Question

After hitting the spring, the block is bounced back up the ramp. The maximum compression of the spring is Δx=0.03m, and the spring constant is k=800N/m. What is the velocity of the block when it first reaches a height of 0.1m above the ground on the ramp?
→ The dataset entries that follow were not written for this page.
Lemma tail_composite A G s eps mu t : 0 <= s -> 0 <= eps ->
  (forall y, A y = true -> G y = true) ->
  (forall x, (x < n)%nat -> G x = true -> tail_prob n P (kron x) A s <= eps) ->
  nonneg_vec mu -> fsum n mu = 1 -> 0 <= t ->
  tail_prob n P mu A (t + s) <= tail_prob n P mu G t + eps.
Proof.
  intros Hs Heps HAG HG Hmu Hm1 Ht.
  apply (infinite_sum_le (surv_term n P mu A (t + s))); [apply tail_prob_spec; auto; lra|].
  intros N.
  set (g := fun a b => poisson t a * poisson s b * surv_mass mu A (a + b)).
  replace (sum_f_R0 (surv_term n P mu A (t + s)) N)
    with (sum_f_R0 (fun k => sum_f_R0 (fun a => g a (k - a)%nat) k) N).
  2:{ apply sum_eq. intros k _. rewrite surv_term_poisson, poisson_add, Rmult_comm, scal_sum.
      apply sum_eq. intros a Ha. unfold g. replace (a + (k - a))%nat with k by lia. ring. }
  rewrite sum_f_R0_antidiagonal.
  apply Rle_trans with (sum_f_R0 (fun a => poisson t a * (surv_mass mu G a + eps)) N).
  - apply sum_Rle. intros a _.
    rewrite (sum_eq _ (fun b => poisson t a * (poisson s b * surv_mass mu A (a + b))))
      by (intros; unfold g; ring).
    rewrite sum_f_R0_scal_l. apply Rmult_le_compat_l; [apply poisson_nonneg; auto|].
    pose proof (strong_markov_poisson A G s eps Hs Heps HAG HG a mu (N - a) Hmu) as H.
    rewrite Hm1 in H. lra.
  - rewrite (sum_eq _ (fun a => surv_term n P mu G t a + eps * poisson t a))
      by (intros; rewrite surv_term_poisson; ring).
    rewrite plus_sum, sum_f_R0_scal_l. apply Rplus_le_compat.
    + apply partial_sum_le_tail_prob; auto.
    + pose proof (poisson_partial_sum_le_1 t N Ht). nra.
Qed.

End Survival.

(** * Hitting times *)

Lemma exp_le_compat x y : x <= y -> exp x <= exp y.
Proof. intros [H|H]; [left; apply exp_increasing; auto | subst; lra]. Qed.

Lemma hit_is_glb n P pi mu d q : (exists t, hit_set n P pi mu d q t) ->
  is_glb (hit_set n P pi mu d q) (hit n P pi mu d q).
Proof.
  intros Hne. unfold hit. apply epsilon_spec. apply (glb_exists _ 0); auto. intros x [Hx _]. auto.
Qed.

Lemma surv_vec_zero n P B k y : (y < n)%nat -> surv_vec n P (fun _ => 0) B k y = 0.
Proof.
  revert y. induction k; intros y Hy; simpl; destruct (B y); auto.
  apply fsum_zero_on. intros. rewrite IHk; auto. ring.
Qed.

Lemma tail_prob_start_in n P B y s : stochastic n P -> B y = true -> 0 <= s ->
  tail_prob n P (kron y) B s <= 0.
Proof.
  intros Hst Hy Hs. apply (infinite_sum_le (surv_term n P (kron y) B s)).
  - apply tail_prob_spec; auto. apply kron_nonneg_vec.
  - intros N. rewrite (sum_eq _ (fun _ => 0)), sum_cte; [lra|]. intros k _.
    rewrite surv_term_poisson. unfold surv_mass. rewrite fsum_zero_on; [ring|].
    intros z Hz. rewrite (surv_vec_restrict n P (kron y) (fun _ => 0)); auto.
    + apply surv_vec_zero; auto.
    + intros w Hw Bw. unfold kron. destruct (Nat.eqb_spec y w); [subst; congruence | reflexivity].
Qed.

Lemma tail_prob_monotone_start n P mu nu B t c : stochastic n P ->
  nonneg_vec n nu -> 0 <= t -> (forall x, (x < n)%nat -> mu x <= c * nu x) -> nonneg_vec n mu ->
  tail_prob n P mu B t <= c * tail_prob n P nu B t.
Proof.
  intros Hst Hnu Ht Hle Hmu. rewrite !(tail_prob_decompose n P Hst _ B t) by auto.
  rewrite <- fsum_scal_l. apply fsum_le. intros x Hx.
  pose proof (tail_prob_nonneg n P Hst (kron x) B t (kron_nonneg_vec n x) Ht).
  pose proof (Hle x Hx). nra.
Qed.

Lemma hit_set_threshold_mono n P pi mu b g q t :
  b <= g -> hit_set n P pi mu b q t -> hit_set n P pi mu g q t.
Proof. intros Hbg [Ht HB]. split; auto. intros B HmB. apply HB. lra. Qed.

Lemma prob_dist_le_scaled n pi mu : prob_dist n mu -> (forall x, (x < n)%nat -> 0 < pi x) ->
  0 < fsum n (fun x => / pi x) /\ forall x, (x < n)%nat -> mu x <= fsum n (fun x => / pi x) * pi x.
Proof.
  intros Hmu Hpi.
  assert (Hinv : forall x, (x < n)%nat -> 0 <= / pi x) by (intros; left; apply Rinv_0_lt_compat; auto).
  split.
  - pose proof (prob_dist_pos_n n mu Hmu). destruct n as [|m]; [lia|]. rewrite fsum_S.
    assert (0 <= fsum m (fun x => / pi x)) by (apply fsum_nonneg; intros; apply Hinv; lia).
    assert (0 < / pi m) by (apply Rinv_0_lt_compat, Hpi; lia). lra.
  - intros x Hx. assert (mu x <= 1).
    { destruct Hmu as [Hm1 Hm2]. rewrite <- Hm2. apply fsum_term_le; auto. }
    assert (/ pi x <= fsum n (fun x => / pi x)) by (apply (fsum_term_le n (fun x => / pi x)); auto).
    pose proof (Hpi x Hx). assert (/ pi x * pi x = 1) by (field; lra). nra.
Qed.

Section Hitting.
Variable n : nat.
Variable P : nat -> nat -> R.
Variable pi mu : nat -> R.
Variable lam2 : R.
Hypothesis Hst : stochastic n P.
Hypothesis Hirr : irreducible n P.
Hypothesis Hpid : prob_dist n pi.
Hypothesis Hpi : forall x, (x < n)%nat -> 0 < pi x.
Hypothesis Hrev : reversible n P pi.
Hypothesis Hmu : prob_dist n mu.
Hypothesis Hl2 : is_lambda2 n P lam2.

Lemma pi_nonneg_vec : nonneg_vec n pi.
Proof. intros y Hy. left. auto. Qed.

Lemma mu_nonneg_vec : nonneg_vec n mu.
Proof. intros y Hy. destruct Hmu. auto. Qed.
The mass of the block is m=0.2kg, take g=9.8m/s^2 .

Answer 1

v = 1.28 m/s

Step-by-step explanation:

Given that,

Maximum compression of the spring,
`\Delta x=0.03\ m`

Spring constant, k = 800 N/m

Mass of the block, m = 0.2 kg

To find,

The velocity of the block when it first reaches a height of 0.1 m above the ground on the ramp.

Solution,

When the block is bounced back up the ramp, the total energy of the system remains conserved. Let v is the velocity of the block such that,

Initial energy = Final energy

`(1)/(2)kx^2=mgh+(1)/(2)mv^2`

Substituting all the values in above equation,

`(1)/(2)* 800* 0.03^2=0.2* 9.8* 0.1+(1)/(2)* 0.2* v^2`

v = 1.28 m/s

Therefore the velocity of block when it first reaches a height of 0.1 m above the ground on the ramp is 1.28 m/s.